--- Given information Enclosed Below ---

(* For all $x\ge y\ge 1$ and $n>x+y$, the maximum possible number of edges in any task-dependency graph produced by the $(x,y)$ edge-addition process on $n$ vertices is $\binom{n}{2}+1-\binom{x}{2}-\binom{y+1}{2}$.
   Context: A task-dependency graph is a finite directed acyclic graph (no loops, no multiple edges). A vertex is initial if it has in-degree $0$ and terminal if it has out-degree $0$ (an isolated vertex is both). An $(x,y)$ task-dependency graph has exactly $x$ initial and exactly $y$ terminal vertices. The $(x,y)$ edge-addition process on $n$ vertices: start with the empty graph on $\{1,\dots,n\}$ and repeatedly add, uniformly at random, an edge $(a,b)$ with $a<b$ not yet present; if an addition would cause fewer than $x$ initial vertices or fewer than $y$ terminal vertices, it is cancelled. The process halts if the graph after some edge addition is an $(x,y)$ task-dependency graph, or if no more edges can be added; the produced graph is the final graph (over all possible runs), not necessarily an $(x,y)$ task-dependency graph. *)

From mathcomp Require Import all_boot.
Set Implicit Arguments. Unset Strict Implicit. Unset Printing Implicit Defensive.

(* Graphs on vertex set 'I_n (vertices 0..n-1, standing for 1..n), given as a
   set of directed edges (a,b); the process only ever adds edges with a < b,
   so every graph considered is a DAG without loops or multiple edges. *)
Definition graph (n : nat) := {set 'I_n * 'I_n}.
Lemma tail_pos t : 0 < t -> 0 < lam t.
Proof.
  intros Ht. rewrite tail_regular_variation by auto. apply Rmult_lt_0_compat.
  - destruct HL as [H _]. apply H; lra.
  - unfold Rpower; apply exp_pos.
Qed.

Lemma tail_0 : lam 0 = K.
Proof. unfold tail. rewrite integral_same by auto. ring. Qed.

Lemma tail_decr u v : 0 <= u -> u <= v -> lam v <= lam u.
Proof.
  intros Hu Huv. unfold tail. rewrite <- (integral_Chasles k0 Hk0 0 u v).
  assert (0 <= integral k0 u v) by (apply integral_ge0; auto; intros; left; apply Hk0_pos; lra).
  lra.
Qed.

Lemma K_pos : 0 < K.
Proof.
  pose proof (tail_pos 1 ltac:(lra)). pose proof (tail_decr 0 1 ltac:(lra) ltac:(lra)).
  rewrite tail_0 in *. lra.
Qed.

Lemma tail_bounds u : 0 <= u -> 0 <= lam u <= K.
Proof.
  intros Hu. pose proof (tail_decr 0 u (Rle_refl 0) Hu) as Hle. rewrite tail_0 in Hle.
  split; [|exact Hle].
  destruct (Req_dec u 0) as [->|]; [rewrite tail_0; pose proof K_pos; lra|].
  left; apply tail_pos; lra.
Qed.

Lemma tail_deriv x : derivable_pt_lim lam x (- k0 x).
Proof.
  unfold tail. replace (- k0 x) with (0 - k0 x) by ring.
  apply (derivable_pt_lim_minus (fun _ => K) (fun u => integral k0 0 u)).
  - apply derivable_pt_lim_const.
  - apply derivable_pt_lim_integral; auto.
Qed.

Lemma integral_tail_tends : exists m,
  (forall S, 0 <= S -> integral lam 0 S <= m) /\ tends_at_infty (fun S => integral lam 0 S) m.
Proof.
  assert (Hnonneg : forall u, 0 <= u -> 0 <= lam u) by (intros; apply tail_bounds; auto).
  destruct (slowly_varying_doubling L alpha HL Halpha) as [t1 [q [Ht1 [Hq Hdouble]]]].
  destruct (doubling_integral_bounded lam Hlam Hnonneg tail_decr t1 q ltac:(lra) Hq)
    as [C HC].
  { intros t Ht. rewrite !tail_regular_variation by lra. auto. }
  apply (nondecreasing_bounded_tends _ C); auto.
  apply integral_nonneg_mono; auto.
Qed.

Lemma first_moment_integral T :
  integral (fun s => s * k0 s) 0 T = integral lam 0 T - T * lam T.
Proof.
  set (D := fun T => integral (fun s => s * k0 s) 0 T - integral lam 0 T + T * lam T).
  assert (E : D T = D 0).
  { apply derivable_pt_lim_0_const_R. intro x.
    assert (Hd : derivable_pt_lim D x (x * k0 x - lam x + (1 * lam x + x * - k0 x))).
    { apply (derivable_pt_lim_plus
               (fun T => integral (fun s => s * k0 s) 0 T - integral lam 0 T)
               (fun T => T * lam T)).
      - apply (derivable_pt_lim_minus (fun T => integral (fun s => s * k0 s) 0 T)
                                      (fun T => integral lam 0 T)).
        + apply (derivable_pt_lim_integral (fun s => s * k0 s)). continuity_tac.
        + apply derivable_pt_lim_integral; auto.
      - apply (derivable_pt_lim_mult (fun T => T) lam).
        + apply derivable_pt_lim_id.
        + apply tail_deriv. }
    replace (x * k0 x - lam x + (1 * lam x + x * - k0 x)) with 0 in Hd by ring. exact Hd. }
  unfold D in E. rewrite !integral_same in E by continuity_tac. lra.
Qed.

Lemma first_moment_improper m : tends_at_infty (fun S => integral lam 0 S) m ->
  improper_int (fun s => s * k s) 0 m.
Proof.
  intros Hm.
  assert (Hmoment : forall T, 0 <= T ->
            RInt_eq (fun s => s * k s) 0 T (integral (fun s => s * k0 s) 0 T)).
  { intros T HT. apply integral_RInt_eq; [continuity_tac | auto |].
    intros; rewrite extend_nonneg_eq; lra. }
  split.
  - intros T HT. eexists; apply Hmoment; auto.
  - intros eps Heps. destruct (Hm (eps / 2) ltac:(lra)) as [S0 HS0].
    destruct (integrable_nonincreasing_mul_tends lam Hlam
                (fun u Hu => proj1 (tail_bounds u Hu)) tail_decr m Hm (eps / 2) ltac:(lra))
      as [S1 HS1].
    exists (Rmax S0 S1). intros T v HT HT0 Hv.
    rewrite (RInt_eq_integral (fun s => s * k s) (fun s => s * k0 s) 0 T v);
      [| continuity_tac | auto | intros; rewrite extend_nonneg_eq; lra | exact Hv].
    rewrite first_moment_integral.
    specialize (HS0 T ltac:(eapply Rle_trans; [apply Rmax_l | exact HT])).
    specialize (HS1 T ltac:(eapply Rle_trans; [apply Rmax_r | exact HT])).
    rewrite Rminus_0_r in HS1. apply Rabs_lt_between in HS0, HS1.
    apply Rabs_def1; lra.
Qed.

Lemma resolvent_deriv t : 0 < t ->
  derivable_pt_lim r0 t (- K * r0 t + integral (fun s => k0 (t - s) * r0 s) 0 t).
Proof.
  intros Ht. destruct (Hr_deriv t Ht) as [v [Hv Hd]].
  rewrite <- (RInt_eq_integral (fun s => k (t - s) * r s) _ 0 t v);
    [| continuity_tac | lra | intros; rewrite !extend_nonneg_eq by lra; reflexivity | exact Hv].
  rewrite extend_nonneg_eq by lra. replace (- - a * r t + v) with (a * r t + v) by ring.
  apply (derivable_pt_lim_locally_eq r r0 t _ t); auto.
  intros y Hy. apply Rabs_lt_between in Hy. rewrite extend_nonneg_eq by lra. reflexivity.
Qed.

(* Maximum principle: at a point where [|r|] would first exceed [1], the
   equation makes [|r|] strictly decreasing. *)
Lemma resolvent_abs_le_1 t : 0 <= t -> Rabs (r0 t) <= 1.
Proof.
  intros Ht.
  destruct (continuity_ab_maj (fun x => Rabs (r0 x)) 0 t Ht) as [ts [Hmax Hts]].
  { intros x _. apply (continuity_pt_comp r0 Rabs); [apply Hr0_cont | apply Rcontinuity_abs]. }
  simpl in Hmax. eapply Rle_trans; [apply Hmax; lra|].
  set (R := Rabs (r0 ts)). apply Rnot_lt_le. intro HR.
  assert (Hts0 : 0 < ts).
  { destruct Hts as [[Hpos | <-] _]; auto.
    unfold R in HR. rewrite extend_nonneg_eq, Hr0, Rabs_R1 in HR; lra. }
  assert (Hconv : Rabs (integral (fun s => k0 (ts - s) * r0 s) 0 ts) <= R * (K - lam ts)).
  { eapply Rle_trans.
    - apply integral_convolution_abs_le; auto; [lra | |].
      + intros; left; apply Hk0_pos; lra.
      + intros; apply Hmax; lra.
    - rewrite Rminus_diag, Rminus_0_r. unfold tail, R. right; ring. }
  assert (HRlam : 0 < R * lam ts) by (apply Rmult_lt_0_compat; [lra | apply tail_pos; auto]).
  apply Rabs_le_between in Hconv.
  set (I := integral (fun s => k0 (ts - s) * r0 s) 0 ts) in Hconv.
  assert (Hsgn : r0 ts = R /\ - K * r0 ts + I < 0 \/ r0 ts = - R /\ 0 < - K * r0 ts + I).
  { unfold R in *; unfold Rabs in *; destruct (Rcase_abs (r0 ts)); [right | left];
      split; try lra; rewrite ?Ropp_involutive in *; nra. }
  assert (Hd : - K * r0 ts + I <> 0) by lra.
  destruct (derivable_pt_lim_sign_left r0 ts _ ts (resolvent_deriv ts Hts0) Hd Hts0)
    as [h [Hh Hsign]].
  pose proof (Hmax (ts - h) ltac:(lra)) as Hmax_h. simpl in Hmax_h. fold R in Hmax_h.
  apply Rabs_le_between in Hmax_h. fold I in Hsign.
  destruct Hsgn as [[Heq Hneg] | [Heq Hpos]].
  - assert (0 < r0 (ts - h) - r0 ts) by nra. lra.
  - assert (r0 (ts - h) - r0 ts < 0) by nra. lra.
Qed.

Lemma resolvent_integrated t : 0 <= t ->
  r0 t + integral (fun s => lam (t - s) * r0 s) 0 t = 1.
Proof.
  intros Ht.
  set (G := fun t => r0 t + integral (fun s => lam (t - s) * r0 s) 0 t).
  assert (Hconv : forall x, derivable_pt_lim (fun t => integral (fun s => lam (t - s) * r0 s) 0 t) x
                   (lam 0 * r0 x + integral (fun s => - k0 (x - s) * r0 s) 0 x)).
  { intro x. apply (derivable_pt_lim_convolution lam (fun u => - k0 u) r0);
      auto using tail_deriv; continuity_tac. }
  assert (E : G t = G 0).
  { apply derivable_pt_lim_0_const; auto.
    - intros x _. unfold G. apply continuity_pt_plus; [apply Hr0_cont|].
      apply derivable_continuous_pt. eexists; apply Hconv.
    - intros x Hx. unfold G.
      assert (Hd := derivable_pt_lim_plus _ _ _ _ _ (resolvent_deriv x ltac:(lra)) (Hconv x)).
      rewrite (integral_ext (fun s => - k0 (x - s) * r0 s) (fun s => -1 * (k0 (x - s) * r0 s)))
        in Hd by (intro; ring).
      rewrite integral_scal, tail_0 in Hd by continuity_tac.
      replace (- K * r0 x + integral (fun s => k0 (x - s) * r0 s) 0 x +
                (K * r0 x + -1 * integral (fun s => k0 (x - s) * r0 s) 0 x)) with 0 in Hd
        by ring.
      exact Hd. }
  unfold G in E. rewrite integral_same, (extend_nonneg_eq r 0), Hr0 in E
    by first [lra | continuity_tac].
  lra.
Qed.

Lemma resolvent_eventually_le m :
  (forall S, 0 <= S -> integral lam 0 S <= m) -> tends_at_infty (fun S => integral lam 0 S) m ->
  forall d, 0 < d -> exists T, forall t, T <= t -> r t <= / (1 + m) + d.
Proof.
  intros Hm_le Hm d Hd.
  assert (Hm0 : 0 <= m) by (eapply Rle_trans; [|apply (Hm_le 0); lra];
                              rewrite integral_same by auto; lra).
  destruct (eventually_le k0 lam r0 K m 1 Hk0 Hlam Hr0_cont K_pos Hm0 Hk0_pos tail_bounds
              (fun S _ => ltac:(unfold tail; ring)) tail_tends Hm_le Hm resolvent_abs_le_1
              resolvent_integrated resolvent_deriv d Hd) as [T HT].
  exists (Rmax 0 T). intros t Ht.
  rewrite <- (extend_nonneg_eq r t) by (eapply Rle_trans; [apply Rmax_l | exact Ht]).
  replace (/ (1 + m)) with (1 / (1 + m)) by (field; lra).
  apply HT. eapply Rle_trans; [apply Rmax_r | exact Ht].
Qed.

Lemma resolvent_eventually_ge m :
  (forall S, 0 <= S -> integral lam 0 S <= m) -> tends_at_infty (fun S => integral lam 0 S) m ->
  forall d, 0 < d -> exists T, forall t, T <= t -> / (1 + m) - d <= r t.
Proof.
  intros Hm_le Hm d Hd.
  assert (Hm0 : 0 <= m) by (eapply Rle_trans; [|apply (Hm_le 0); lra];
                              rewrite integral_same by auto; lra).
  destruct (eventually_le k0 lam (fun t => - r0 t) K m (-1) Hk0 Hlam ltac:(continuity_tac)
              K_pos Hm0 Hk0_pos tail_bounds (fun S _ => ltac:(unfold tail; ring)) tail_tends
              Hm_le Hm) with (d := d) as [T HT]; auto.
  - intros t Ht. rewrite Rabs_Ropp. apply resolvent_abs_le_1; auto.
  - intros t Ht.
    rewrite (integral_ext _ (fun s => -1 * (lam (t - s) * r0 s))) by (intro; ring).
    rewrite integral_scal by continuity_tac.
    pose proof (resolvent_integrated t Ht). lra.
  - intros t Ht.
    rewrite (integral_ext (fun s => k0 (t - s) * - r0 s) (fun s => -1 * (k0 (t - s) * r0 s)))
      by (intro; ring).
    rewrite integral_scal by continuity_tac.
    replace (- K * - r0 t + -1 * integral (fun s => k0 (t - s) * r0 s) 0 t)
      with (- (- K * r0 t + integral (fun s => k0 (t - s) * r0 s) 0 t)) by ring.
    apply derivable_pt_lim_opp, resolvent_deriv; auto.
  - exists (Rmax 0 T). intros t Ht.
    rewrite <- (extend_nonneg_eq r t) by (eapply Rle_trans; [apply Rmax_l | exact Ht]).
    specialize (HT t ltac:(eapply Rle_trans; [apply Rmax_r | exact Ht])).
    replace (-1 / (1 + m)) with (- / (1 + m)) in HT by (field; lra). lra.
Qed.

End Resolvent.

Theorem corollary3p2 (k L r : R -> R) (alpha a : R) :
  continuous_on_nonneg k ->
  (forall t, 0 <= t -> 0 < k t) ->
  improper_int k 0 (- a) ->
  1 < alpha ->
  slowly_varying L ->
  (forall t, 0 < t -> improper_int k t (L t * Rpower t (- alpha))) ->
  continuous_on_nonneg r ->
  r 0 = 1 ->
  (forall t, 0 < t -> exists v,
      RInt_eq (fun s => k (t - s) * r s) 0 t v /\
      derivable_pt_lim r t (a * r t + v)) ->
  exists m, improper_int (fun s => s * k s) 0 m /\
            tends_at_infty r (/ (1 + m)).
Proof.
  intros Hk_cont Hk_pos Hk_int Halpha HL Hk_tail Hr_cont Hr0 Hr_deriv.
  destruct (integral_tail_tends k L alpha a) as [m [Hm_le Hm]]; auto.
  exists m. split.
  - apply (first_moment_improper k L alpha a); auto.
  - apply tends_at_infty_squeeze.
    + apply (resolvent_eventually_le k L r alpha a); auto.
    + apply (resolvent_eventually_ge k L r alpha a); auto.
Qed.
Theorem lemma4p2 (R : realType) (L : fieldType) (ord : L -> \bar R)
  (p k : nat) (e0 : L) (h : R) (Delta : finType)
  (B : set int) (P : int -> nat -> L) :
  prime p -> (5 <= p)%N ->
  finite_ext_Qp ord p ->
  (2 <= k)%N -> ~~ odd k ->
  e0 != 0 ->
  (ord e0 < ((p%:R - 1) / (p%:R - 2) : R)%:E)%E ->
  0 <= h ->
  ~ finite_set B ->
  (forall kappa, B kappa -> (ord e0 < ord ((kappa - k%:Z)%:~R))%E) ->
  (forall kappa, B kappa -> gen_ker_pi ord k e0 kappa (P kappa)) ->
  forall F : tens_elt L Delta,
    in_tens ord p h F ->
    (forall kappa, B kappa ->
       exists2 G : tens_elt L Delta, in_tens ord p h G & F = mulY (P kappa) G) ->
    F = (fun _ _ _ => 0).
Proof.
move=> _ _ [[ord_infty ordM ord_add ord_p] [[e [e_gt0 ord_disc]] _ _]] _ _ e0_neq0 _ _
  B_inf ord_e0_lt P_ker F F_tens F_div.
have Y_gt0 kappa : B kappa -> (0 < ord (y_of k e0 kappa))%E.
  by move=> Bk; apply: (y_of_gt0 ord_infty ordM e0_neq0); exact: ord_e0_lt.
have Y_inj kappa kappa' :
    B kappa -> B kappa' -> y_of k e0 kappa = y_of k e0 kappa' -> kappa = kappa'.
  by move=> _ _; apply: (y_of_inj ord_infty ordM ord_add ord_p e0_neq0).
apply/funext => d; apply/funext => m; apply/funext => n.
have [C /(pX_scale_Lambda ord_infty ordM ord_p)[M scaled_Lambda]] :=
  in_tens_coef_lb d n F_tens.
have scaled_vanish kappa :
    B kappa -> evals_to ord (fun m => p%:R ^+ M * F d m n) (y_of k e0 kappa) 0.
  move=> Bk; have [G G_tens FG] := F_div kappa Bk.
  apply: (evals_to_scale ord_infty ordM).
  exact: (mulY_coef_vanish ord_infty ordM ord_p d n F_tens G_tens (P_ker kappa Bk) FG).
have := Lambda_vanish_eq0 ord_infty ordM ord_add e_gt0 ord_disc Y_gt0 Y_inj P_ker
  (scaled_Lambda M (leqnn M)) B_inf scaled_vanish m.
by move/eqP; rewrite mulf_eq0 (negbTE (pX_neq0 ord_infty ordM ord_p M)) => /eqP.
Qed.
(* The lifts $\Delta_C$ of the strongly connected components $C$ of $G$ are Morse sets for the flow $\psi$ on $\Delta$; that is, the collection $\{\Delta_C : C \text{ a strongly connected component of } G\}$ consists of non-void, pairwise disjoint, invariant, isolated, compact sets and there are no cycles between them (so that it is a Morse decomposition of $(\Delta,\psi)$).
   Context: $G$ is a finite directed graph (loops allowed) with vertex set $V$. $\Omega$ is the set of bi-infinite paths in $G$, i.e. sequences $(x_i)_{i\in\mathbb Z}\in V^{\mathbb Z}$ such that for every $i$ there is an edge from $x_i$ to $x_{i+1}$. Fix $h>0$. $\bar\Delta$ is the set of functions $x:\mathbb R\to V$ that are constant on each interval $[nh,(n+1)h)$, $n\in\mathbb Z$, and satisfy $(x(ih))_{i\in\mathbb Z}\in\Omega$. $\Delta=\{x(\cdot+t): x\in\bar\Delta,\ t\in\mathbb R\}$, with metric $d(x,y)=\sum_{i\in\mathbb Z}4^{-|i|}\frac1h\int_{ih}^{(i+1)h}\delta(x,y,t)\,dt$, where $\delta(x,y,t)=1$ if $x(t)\ne y(t)$ and $0$ otherwise. The flow $\psi:\mathbb R\times\Delta\to\Delta$ is $\psi(t,x)=x(\cdot+t)$. A strongly connected component of $G$ is a maximal nonempty set $C\subseteq V$ such that for all $u,v\in C$ (including $u=v$) there is a directed path of positive length from $u$ to $v$ with all vertices in $C$. The lift of $C$ is $\Delta_C=\{f\in\Delta: f(t)\in C \text{ for all } t\in\mathbb R\}$. For $x\in\Delta$, $\omega(x)$ (resp. $\alpha(x)$) is the set of limits of $\psi(t_k,x)$ along sequences $t_k\to+\infty$ (resp. $t_k\to-\infty$). A set $K$ is invariant if $\psi(t,K)\subseteq K$ for all $t\in\mathbb R$; isolated if there is a neighborhood $N$ of $K$ with $K\subset\operatorname{int}N$ such that $\psi(t,x)\in N$ for all $t\in\mathbb R$ implies $x\in K$. A Morse decomposition is a finite collection $\{\mathcal M_1,\dots,\mathcal M_n\}$ of non-void, pairwise disjoint, invariant, isolated, compact sets such that (1) $\omega(x),\alpha(x)\subseteq\bigcup_i\mathcal M_i$ for every $x$, and (2) (no cycles) if there are Morse sets $\mathcal M_{j_0},\dots,\mathcal M_{j_l}$ and points $x_1,\dots,x_l\notin\bigcup_i\mathcal M_i$ with $\alpha(x_m)\subseteq\mathcal M_{j_{m-1}}$ and $\omega(x_m)\subseteq\mathcal M_{j_m}$ for $m=1,\dots,l$, then $\mathcal M_{j_0}\ne\mathcal M_{j_l}$. *)

From mathcomp Require Import all_boot.
From Stdlib Require Import Reals ClassicalEpsilon.
Set Implicit Arguments. Unset Strict Implicit. Unset Printing Implicit Defensive.

Open Scope R_scope.

Section Defs.
Variables (V : finType) (E : rel V) (h : R).

Definition InOmega (x : Z -> V) : Prop := forall i : Z, E (x i) (x (i + 1)%Z).

Definition InDeltaBar (x : R -> V) : Prop :=
  (forall (n : Z) (s : R), IZR n * h <= s < (IZR n + 1) * h -> x s = x (IZR n * h)) /\
  InOmega (fun i : Z => x (IZR i * h)).

Definition InDelta (x : R -> V) : Prop :=
  exists (xb : R -> V) (t : R), InDeltaBar xb /\ x = (fun s => xb (s + t)).

Definition psi (t : R) (x : R -> V) : R -> V := fun s => x (s + t).

(** Riemann integral of f over [a,b] (0 if not integrable; the value does
    not depend on the integrability proof, RiemannInt_P5). *)
Definition Rint (f : R -> R) (a b : R) : R :=
  epsilon (inhabits 0) (fun l => exists pr : Riemann_integrable f a b, RiemannInt pr = l).

Definition delta (x y : R -> V) (t : R) : R := if x t == y t then 0 else 1.

Definition dterm (x y : R -> V) (i : Z) : R :=
  / h * Rint (delta x y) (IZR i * h) ((IZR i + 1) * h).

(** Terms of the sum over Z grouped as i = 0 and i = +-(k+1). *)
Definition dseries (x y : R -> V) (n : nat) : R :=
  match n with
  | O => dterm x y 0
  | S k => (/ 4) ^ n * (dterm x y (Z.of_nat n) + dterm x y (- Z.of_nat n))
  end.

(** d(x,y) = sum_{i in Z} 4^{-|i|} (1/h) int_{ih}^{(i+1)h} delta(x,y,t) dt. *)
Definition d (x y : R -> V) : R :=
  epsilon (inhabits 0) (fun l => infinite_sum (dseries x y) l).

Definition omega_lim (x : R -> V) : (R -> V) -> Prop := fun y =>
  InDelta y /\ exists tk : nat -> R, cv_infty tk /\ Un_cv (fun k => d (psi (tk k) x) y) 0.

Definition alpha_lim (x : R -> V) : (R -> V) -> Prop := fun y =>
  InDelta y /\ exists tk : nat -> R, cv_infty (fun k => - tk k) /\
    Un_cv (fun k => d (psi (tk k) x) y) 0.

Definition open_in_Delta (U : (R -> V) -> Prop) : Prop :=
  forall f, U f -> InDelta f /\
    exists eps, 0 < eps /\ forall g, InDelta g -> d f g < eps -> U g.

Definition compact_in_Delta (K : (R -> V) -> Prop) : Prop :=
  (forall f, K f -> InDelta f) /\
  forall (I : Type) (U : I -> (R -> V) -> Prop),
    (forall i, open_in_Delta (U i)) ->
    (forall f, K f -> exists i, U i f) ->
    exists l : list I, forall f, K f -> exists i, List.In i l /\ U i f.

Definition invariant (K : (R -> V) -> Prop) : Prop :=
  forall t f, K f -> K (psi t f).

Definition isolated (K : (R -> V) -> Prop) : Prop :=
  exists N : (R -> V) -> Prop,
    (forall f, N f -> InDelta f) /\
    (forall f, K f -> exists eps, 0 < eps /\
        forall g, InDelta g -> d f g < eps -> N g) /\
    (forall x, InDelta x -> (forall t, N (psi t x)) -> K x).

Definition MorseDecomposition (I : finType) (P : I -> Prop)
    (M : I -> (R -> V) -> Prop) : Prop :=
  (forall i, P i -> exists f, M i f) /\
  (forall i j, P i -> P j -> ~ (forall f, M i f <-> M j f) ->
      forall f, ~ (M i f /\ M j f)) /\
  (forall i, P i -> invariant (M i)) /\
  (forall i, P i -> isolated (M i)) /\
  (forall i, P i -> compact_in_Delta (M i)) /\
  (forall x, InDelta x ->
      (forall y, omega_lim x y -> exists i, P i /\ M i y) /\
      (forall y, alpha_lim x y -> exists i, P i /\ M i y)) /\
  (forall (l : nat) (j : nat -> I) (x : nat -> R -> V),
      (1 <= l)%nat ->
      (forall m, (m <= l)%nat -> P (j m)) ->
      (forall m, (1 <= m)%nat -> (m <= l)%nat ->
          InDelta (x m) /\
          (forall i, P i -> ~ M i (x m)) /\
          (forall y, alpha_lim (x m) y -> M (j (m - 1)%nat) y) /\
          (forall y, omega_lim (x m) y -> M (j m) y)) ->
      ~ (forall f, M (j 0%nat) f <-> M (j l) f)).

--- End of Enclosed Given information ---

## Required action
What is asked for is an exact copy of the lines above from the one containing "End Resolvent." through the one containing "tends_at_infty r (/ (1 + m)).", and only those.

## Completed exercise
End Resolvent.

Theorem corollary3p2 (k L r : R -> R) (alpha a : R) :
  continuous_on_nonneg k ->
  (forall t, 0 <= t -> 0 < k t) ->
  improper_int k 0 (- a) ->
  1 < alpha ->
  slowly_varying L ->
  (forall t, 0 < t -> improper_int k t (L t * Rpower t (- alpha))) ->
  continuous_on_nonneg r ->
  r 0 = 1 ->
  (forall t, 0 < t -> exists v,
      RInt_eq (fun s => k (t - s) * r s) 0 t v /\
      derivable_pt_lim r t (a * r t + v)) ->
  exists m, improper_int (fun s => s * k s) 0 m /\
            tends_at_infty r (/ (1 + m)).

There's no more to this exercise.